At the very least, the possibility that there is a new photograph of Emily Dickinson, one that is strikingly different from the iconic image that stares out at me from the 2008 Topps fan card on my desk and is on or in nearly every book on two walls of my study, is game-changing. This possibility has opened up important new questions about the daguerreotype that has for a century served as the only image of this premier American poet. Is that well-known daguerreotype of a sickly teenager? Is that really a credible representation of what most people saw when they saw the flesh and blood Emily Dickinson? Why have we not asked more questions about that rather wan "known" image?

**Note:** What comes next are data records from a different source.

(* Let $H$ be obtained from a graph $G$ on vertices $v_1,\dots,v_k$ by expanding each $v_i$ by the graph $M_i=(V_i,E_i)$. Let $\Omega$ be a potential maximal clique of $H$, and suppose some $V_i$ intersects $\Omega$ but is not contained in $\Omega$. Then $\Omega\cap V_i$ is a potential maximal clique of $M_i$ and $\Omega\setminus V_i=N_H(V_i)$.
   Context: Expansion: given a graph $G$ on vertices $v_1,\dots,v_k$ and pairwise disjoint graphs $M_i=(V_i,E_i)$, the graph $H$ obtained by expanding each $v_i$ by $M_i$ has vertex set $V_1\cup\dots\cup V_k$ and edge set $E_1\cup\dots\cup E_k\cup\{ab \mid a\in V_i, b\in V_j, v_iv_j\in E(G)\}$. $N_H(X)$ denotes the set of vertices outside $X$ adjacent in $H$ to some vertex of $X$. A graph is chordal if every cycle of length at least 4 has a chord; a minimal triangulation of a graph $F$ is a chordal supergraph on the same vertex set such that no proper subset of its edge set containing $E(F)$ gives a chordal graph. A potential maximal clique of $F$ is a vertex set that is a maximal clique of some minimal triangulation of $F$. *)

(* Finite simple graphs on a subset A of a finType T,
   with edges represented as 2-element subsets of A. *)
From mathcomp Require Import all_boot.
Set Implicit Arguments. Unset Strict Implicit. Unset Printing Implicit Defensive.

Section Graphs.
Variable T : finType.

Definition wf_graph (A : {set T}) (E : {set {set T}}) : Prop :=
  forall e, e \in E -> #|e| = 2 /\ e \subset A.

Definition adj (E : {set {set T}}) : rel T :=
  fun x y => (x != y) && ([set x; y] \in E).

Definition is_clique (A : {set T}) (E : {set {set T}}) (K : {set T}) : Prop :=
  K \subset A /\ (forall x y, x \in K -> y \in K -> x != y -> [set x; y] \in E).

Definition maximal_clique (A : {set T}) (E : {set {set T}}) (K : {set T}) : Prop :=
  is_clique A E K /\ (forall K' : {set T}, is_clique A E K' -> K \subset K' -> K' = K).

Definition chordal (A : {set T}) (E : {set {set T}}) : Prop :=
  forall s : seq T, uniq s -> 4 <= size s -> {subset s <= A} ->
    cycle (adj E) s ->
    exists x y, [/\ x \in s, y \in s, adj E x y, y != next s x & x != next s y].

Definition minimal_triangulation (A : {set T}) (E F : {set {set T}}) : Prop :=
  [/\ wf_graph A F, E \subset F, chordal A F &
      forall F' : {set {set T}}, E \subset F' -> F' \subset F -> chordal A F' -> F' = F].

Definition potential_maximal_clique (A : {set T}) (E : {set {set T}})
  (Om : {set T}) : Prop :=
  exists F, minimal_triangulation A E F /\ maximal_clique A F Om.

Definition nbh (A : {set T}) (E : {set {set T}}) (X : {set T}) : {set T} :=
  [set y in A :\: X | [exists x in X, adj E x y]].

(* Expansion of G = ('I_k, EG) by graphs M_i = (V i, EM i). *)
Definition expansion_vertices (k : nat) (V : 'I_k -> {set T}) : {set T} :=
  \bigcup_(i < k) V i.

Definition expansion_edges (k : nat) (EG : {set {set 'I_k}})
  (V : 'I_k -> {set T}) (EM : 'I_k -> {set {set T}}) : {set {set T}} :=
  (\bigcup_(i < k) EM i) :|:
  [set e : {set T} | [exists a : T, exists b : T, exists i : 'I_k, exists j : 'I_k,
        [&& e == [set a; b], a \in V i, b \in V j & [set i; j] \in EG]]].

End Graphs.

From mathcomp Require Import all_boot.
From Stdlib Require Import Classical Lia.
From mathcomp Require Import zify.
Set Implicit Arguments. Unset Strict Implicit. Unset Printing Implicit Defensive.

(* V := V_i is a module of H: every vertex outside V adjacent to V is adjacent
   to all of V. Fix a minimal triangulation F of H having Om as a maximal clique.
   First, V is not a clique of F: otherwise deleting the F-edges from V to the
   vertices not complete to V would keep F chordal (by the fan lemma for chordless
   paths), so by minimality every F-neighbour of V would be complete to V, and a
   vertex of V outside Om could be added to Om. Two non-adjacent vertices of V
   then close a 4-cycle with any two vertices of N(V), whose only possible chord
   makes N(V) a clique of F. Hence deleting the F-edges from V to vertices outside
   V and N(V) keeps F chordal, so there are none; this gives Om \ V = N(V).
   Finally, any chordal graph between M_i and F[V] can replace F[V] inside F
   without destroying chordality, so F[V] is a minimal triangulation of M_i, and
   Om meets V in one of its maximal cliques. *)

Section Cycles.
Variable T : finType.
Implicit Types (A V N : {set T}) (E F G : {set {set T}}) (s : seq T).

Whether a new picture is in fact Emily Dickinson is not a very sophisticated question unless accompanied by another: why do we struggle so over the image of this icon? What's at stake? Isn't how would this image change literary history a much more interesting question? Dickinson is more popular today, in 2012, than ever. Would she be if the image we had of her for this past century looked not like the one we know, but like the one you see before you in this exhibition? Does it make any difference what a poet looks like? What a woman poet looks like? What a 19th-century woman poet looks like?